- Open Access
Defining and measuring gender: A social determinant of health whose time has come
© Phillips; licensee BioMed Central Ltd. 2005
- Received: 16 March 2004
- Accepted: 13 July 2005
- Published: 13 July 2005
This paper contributes to a nascent scholarly discussion of sex and gender as determinants of health. Health is a composite of biological makeup and socioeconomic circumstances. Differences in health and illness patterns of men and women are attributable both to sex, or biology, and to gender, that is, social factors such as powerlessness, access to resources, and constrained roles. Using examples such as the greater life expectancy of women in most of the world, despite their relative social disadvantage, and the disproportionate risk of myocardial infarction amongst men, but death from MI amongst women, the independent and combined associations of sex and gender on health are explored. A model for incorporating gender into epidemiologic analyses is proposed.
- women's health
- social determinants
A growing literature on the social determinants of health, suggests explanations for many population and individual level health outcomes are not attributable to biology. Income, income inequality, social connectedness, and social capital all show some association with health and illness [1–6]. This paper explores the meaning of gender as another of these social determinants of health, and proposes an epidemiological framework for including gender as an independent variable in future research.

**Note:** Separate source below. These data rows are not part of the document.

(* Each term of row j of Z has row sum at most that of row j of A(m + s); reaching the
   total L forces equality termwise, so Y_m is stochastic wherever A(m + s) charges. *)
Lemma saturated_row {s} {Y : nat -> 'M[R]_M} {Z j L} :
  (forall m, substochastic (Y m)) -> is_mxsum (fun m => A (m + s) *m Y m) Z ->
  series (fun m => Arow j (m + s)) @ \oo --> L -> L <= \sum_l Z j l ->
  forall m j', 0 < A (m + s) j j' ->
  \sum_l Y m j' l = 1 /\ (forall l, 0 < Y m j' l -> 0 < Z j l).
Proof.
move=> sY ZS AL LZ m j' Ajj'.
have term_ge0 k : 0 <= \sum_l (A (k + s) *m Y k) j l.
  by apply: sumr_ge0 => l _; exact: mx_nonneg_mul (A_ge0 _) (sY k).1 j l.
have term_le k : \sum_l (A (k + s) *m Y k) j l <= Arow j (k + s).
  exact: row_sum_mulmx_le (A_ge0 _) (sY k).
have ZL : \sum_l Z j l = L.
  by apply/eqP; rewrite eq_le LZ (ler_lim_series term_le (is_mxsum_row_sum j ZS) AL).
have rowZ : series (fun k => \sum_l (A (k + s) *m Y k) j l) @ \oo --> L.
  by rewrite -ZL; exact: is_mxsum_row_sum.
split; first exact: (row_sum_mulmx_eq j (A_ge0 _) (sY m)
                       (eq_lim_series_termwise term_ge0 term_le rowZ AL m)).
move=> l Yl; apply: lt_le_trans (ge0_term_le_lim _ (ZS j l) m); last first.
  by move=> k; exact: mx_nonneg_mul (A_ge0 _) (sY k).1 j l.
rewrite mxE (bigD1 j') //= ltr_pwDl ?mulr_gt0 //.
by apply: sumr_ge0 => k _; apply: mulr_ge0; [exact: A_ge0 | exact: (sY m).1].
Qed.

Section TransientLevels.
Variables (M0 : nat) (B0 : 'M[R]_M0) (B : nat -> 'M[R]_(M0, M)) (C0 : 'M[R]_(M, M0)).
Hypothesis M0_gt0 : (0 < M0)%N.
Hypothesis T_irr : T_irreducible A B0 B C0.
(* Let $f$ be analytic on $\mathbb{D}$ with $0<\operatorname{Diam} f(\mathbb{D})<\infty$. Then for all $z,w\in\mathbb{D}$, \[ \frac{|f(z)-f(w)|}{\operatorname{Diam} f(\mathbb{D})}\le \frac{|z-w|}{|1-\bar w z|+\sqrt{(1-|z|^2)(1-|w|^2)}}. \]
   Context: $\mathbb{D}$ is the open unit disk; $\operatorname{Diam}E=\sup_{z,w\in E}|z-w|$. *)

From Stdlib Require Import Reals.
From Coquelicot Require Import Coquelicot.
Open Scope R_scope.

Definition unit_disk (z : C) : Prop := Cmod z < 1.

Definition analytic_on_disk (f : C -> C) : Prop :=
  forall z : C, unit_disk z -> @ex_derive C_AbsRing C_NormedModule f z.

Definition diam_image_disk (f : C -> C) : Rbar :=
  Lub_Rbar (fun r : R => exists z w : C,
    unit_disk z /\ unit_disk w /\ r = Cmod (f z - f w)%C).

From Stdlib Require Import Reals Lra FunctionalExtensionality Classical.
From Coquelicot Require Import Coquelicot.
Open Scope R_scope.

(** Schwarz-Pick, two-point form.  Given [z <> w] in the disk, a Mobius map
    [phi] of the disk sends [r] to [z] and [-r] to [w], where [r] is exactly the
    right-hand side of the inequality.  Then [g x = f (phi x) - f (phi (-x))]
    is holomorphic on the disk, vanishes at 0 and is bounded by [Diam f(D)], so
    the Schwarz lemma gives [|f z - f w| = |g r| <= Diam f(D) * r].

    The Schwarz lemma is proved from Cauchy's estimate, applied to the powers of
    [g z / z] to get the maximum principle.  Cauchy's integral formula on circles
    comes from Goursat's theorem for polar rectangles [{r e^(it)}] (by
    quadrisection), allowing one exceptional point where the integrand is only
    continuous, applied to the difference quotient of the function. *)

Notation is_derive_C := (@is_derive C_AbsRing C_NormedModule).
Notation ex_derive_C := (@ex_derive C_AbsRing C_NormedModule).
Notation continuous_C := (@continuous C_UniformSpace C_UniformSpace).
Notation is_derive_path := (@is_derive R_AbsRing C_R_NormedModule).
Notation continuous_path := (@continuous R_UniformSpace C_UniformSpace).
Notation RInt_C := (@RInt C_R_CompleteNormedModule).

The usefulness of distinguishing between sex and gender, a common practice in the social sciences, has begun to percolate into the language of prevention, etiology and causation within health care. Sociologists describe sex as the relatively unchanging biology of being male or female, while gender refers to the roles and expectations attributed to men and women in a given society, roles which change over time, place, and life stage. Genetic makeup and hormone profile are both examples of sex, that is, of biologic characteristics, which tend to be constant across societies. Gender is a social, rather than a biological construct, and varies with the roles, norms and values of a given society or era. Being able to bear a child is, fundamentally, a function of biology, while expectations about the imperative to bear children, the nature of parenting, or the status associated with being a mother are more closely linked to gender roles and expectations.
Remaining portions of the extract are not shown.